Note each line in the data holding the string "face" and report it.

Stored data:
*** Begin section ***

(* Let $F$ be a diagonal matching rule for $G$ and let $M$ be the prefix matching generated by $F$. If $M$ is a Morse matching, then $G$ is diagonal.
   Context: $G$ is a finite simple connected graph with shortest-path distance $d$; $\ell(x_0,\dots,x_k)=\sum_{i=0}^{k-1}d(x_i,x_{i+1})$. The magnitude chain complex $\mathrm{MC}_{k,l}(G)$ is the free abelian group on $I_{k,l}(G)=\{(x_0,\dots,x_k)\in V(G)^{k+1}:x_i\ne x_{i+1}\ \forall i,\ \ell=l\}$ with differential $\partial=\sum_{i=1}^{k-1}(-1)^i\partial_i$, where $\partial_i$ deletes $x_i$ if this does not change $\ell$ and is $0$ otherwise; $\mathrm{MH}_{k,l}(G)=H_k(\mathrm{MC}_{*,l}(G))$; $G$ is diagonal if $\mathrm{MH}_{k,l}(G)=0$ for $k\ne l$. Elements of $I_{k,l}(G)$ are called sequences. $\Gamma$ is the directed graph on sequences with an edge $a\to b$ whenever $\partial_i a=b\neq0$ for some $i$. A matching is a set of pairwise vertex-disjoint edges of $\Gamma$; $\Gamma^M$ is $\Gamma$ with edges of $M$ reversed; $M$ is Morse if $\Gamma^M$ has no directed cycle. Matching states: ''unmatched'', ''insert$(i,v)$'' (matched to $(x_0,\dots,x_i,v,x_{i+1},\dots,x_k)$), ''delete$(i)$'' (matched to $(x_0,\dots,\hat x_i,\dots,x_k)$). A prefix matching: whenever $(x_0,\dots,x_k)$ has state insert$(i,v)$ (resp. delete$(i)$), every sequence $(x_0,\dots,x_{i+1},y_{i+2},\dots,y_{k'})$ has the same state. A matching rule is a function $F$ from sequences to $\{\epsilon\}\cup\{\iota(v):v\in V(G)\}\cup\{\delta\}$; a prefix matching $M$ is generated by $F$ if for every sequence $(x_0,\dots,x_k)$, $k\ge1$, with unmatched prefix $(x_0,\dots,x_{k-1})$, its state is insert$(k-1,v)$ iff $F(x_0,\dots,x_k)=\iota(v)$ and delete$(k-1)$ iff $F(x_0,\dots,x_k)=\delta$. $F$ is valid if (1) $F(x_0,\dots,x_k)=\iota(v)$ implies $v\notin\{x_{k-1},x_k\}$, $d(x_{k-1},v)+d(v,x_k)=d(x_{k-1},x_k)$, $F(x_0,\dots,x_{k-1},v)=\epsilon$, $F(x_0,\dots,x_{k-1},v,x_k)=\delta$; (2) $F(x_0,\dots,x_k)=\delta$ implies $d(x_{k-2},x_{k-1})+d(x_{k-1},x_k)=d(x_{k-2},x_k)$ and $F(x_0,\dots,x_{k-2},x_k)=\iota(x_{k-1})$. A valid $F$ is diagonal if, w.r.t. the prefix matching it generates, $F(x_0,\dots,x_k)\ne\epsilon$ for every sequence with unmatched prefix $(x_0,\dots,x_{k-1})$ and $d(x_{k-1},x_k)\ge2$. *)

From HB Require Import structures.
From mathcomp Require Import all_boot all_order all_algebra.
Set Implicit Arguments. Unset Strict Implicit. Unset Printing Implicit Defensive.
Import Order.TTheory GRing.Theory Num.Theory.

Section MagDefs.
Variables (V : finType) (e : rel V).

Definition simple_graph := symmetric e /\ irreflexive e.
Definition connected_graph := forall x y : V, connect e x y.

Definition reach (n : nat) (x : V) : {set V} :=
  iter n (fun S : {set V} => S :|: [set y | [exists z in S, e z y]]) [set x].

(* shortest-path distance: least n with y in the n-ball of x
   (meaningful for connected graphs, where it is < #|V|) *)
Definition dist (x y : V) : nat :=
  find (fun n => y \in reach n x) (iota 0 #|V|).

Definition ell (x : seq V) : nat :=
  if x is a :: s then sumn (pairmap dist a s) else 0.

Definition is_seq (x : seq V) : bool :=
  if x is a :: s then path (fun u w => u != w) a s else false.

Definition Iseq (k l : nat) : seq (seq V) :=
  [seq s <- map (@tval k.+1 V) (enum {: k.+1.-tuple V}) | is_seq s && (ell s == l)].

(* (x_0,..,^x_i,..,x_k) and (x_0,..,x_i,v,x_{i+1},..,x_k) *)
Definition del (x : seq V) (i : nat) : seq V := take i x ++ drop i.+1 x.
Definition ins (x : seq V) (i : nat) (v : V) : seq V :=
  take i.+1 x ++ v :: drop i.+1 x.

(* d_i x = y  (nonzero) *)
Definition face (x : seq V) (i : nat) (y : seq V) : bool :=
  (ell (del x i) == ell x) && (del x i == y).

(* the differential of MC_{*,l} on a degree-k chain c (Z-valued function
   on sequences, supported on I_{k,l}) evaluated at y *)
Definition bdry (k l : nat) (c : seq V -> int) (y : seq V) : int :=
  \sum_(x <- Iseq k l) \sum_(1 <= i < k)
     ((-1) ^+ i * c x * (face x i y)%:R)%R.

Definition supported (k l : nat) (c : seq V -> int) : Prop :=
  forall x, c x != 0%R -> x \in Iseq k l.

Definition MH_vanishes (k l : nat) : Prop :=
  forall c : seq V -> int, supported k l c -> (forall y, bdry k l c y = 0%R) ->
  exists b : seq V -> int, supported k.+1 l b /\ forall y, bdry k.+1 l b y = c y.

Definition diagonal_graph : Prop := forall k l, k <> l -> MH_vanishes k l.

Definition Gamma (a b : seq V) : Prop :=
  is_seq a /\ exists i, 0 < i /\ i.+1 < size a /\ face a i b.

Definition is_matching (M : seq V -> seq V -> Prop) : Prop :=
  (forall a b, M a b -> Gamma a b) /\
  (forall a b a' b', M a b -> M a' b' ->
     (a = a' \/ a = b' \/ b = a' \/ b = b') -> a = a' /\ b = b').

Definition GammaM (M : seq V -> seq V -> Prop) (a b : seq V) : Prop :=
  (Gamma a b /\ ~ M a b) \/ M b a.

Definition is_Morse (M : seq V -> seq V -> Prop) : Prop :=
  ~ exists (n : nat) (f : nat -> seq V),
      0 < n /\ f n = f 0 /\ forall i, i < n -> GammaM M (f i) (f i.+1).

Definition unmatched (M : seq V -> seq V -> Prop) (x : seq V) : Prop :=
  forall y, ~ M x y /\ ~ M y x.
Definition st_ins (M : seq V -> seq V -> Prop) (x : seq V) (i : nat) (v : V) : Prop :=
  i.+1 < size x /\ M (ins x i v) x.
Definition st_del (M : seq V -> seq V -> Prop) (x : seq V) (i : nat) : Prop :=
  0 < i /\ i.+1 < size x /\ M x (del x i).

*** End section ***

Answer:
Definition face (x : seq V) (i : nat) (y : seq V) : bool :=
     ((-1) ^+ i * c x * (face x i y)%:R)%R.
  is_seq a /\ exists i, 0 < i /\ i.+1 < size a /\ face a i b.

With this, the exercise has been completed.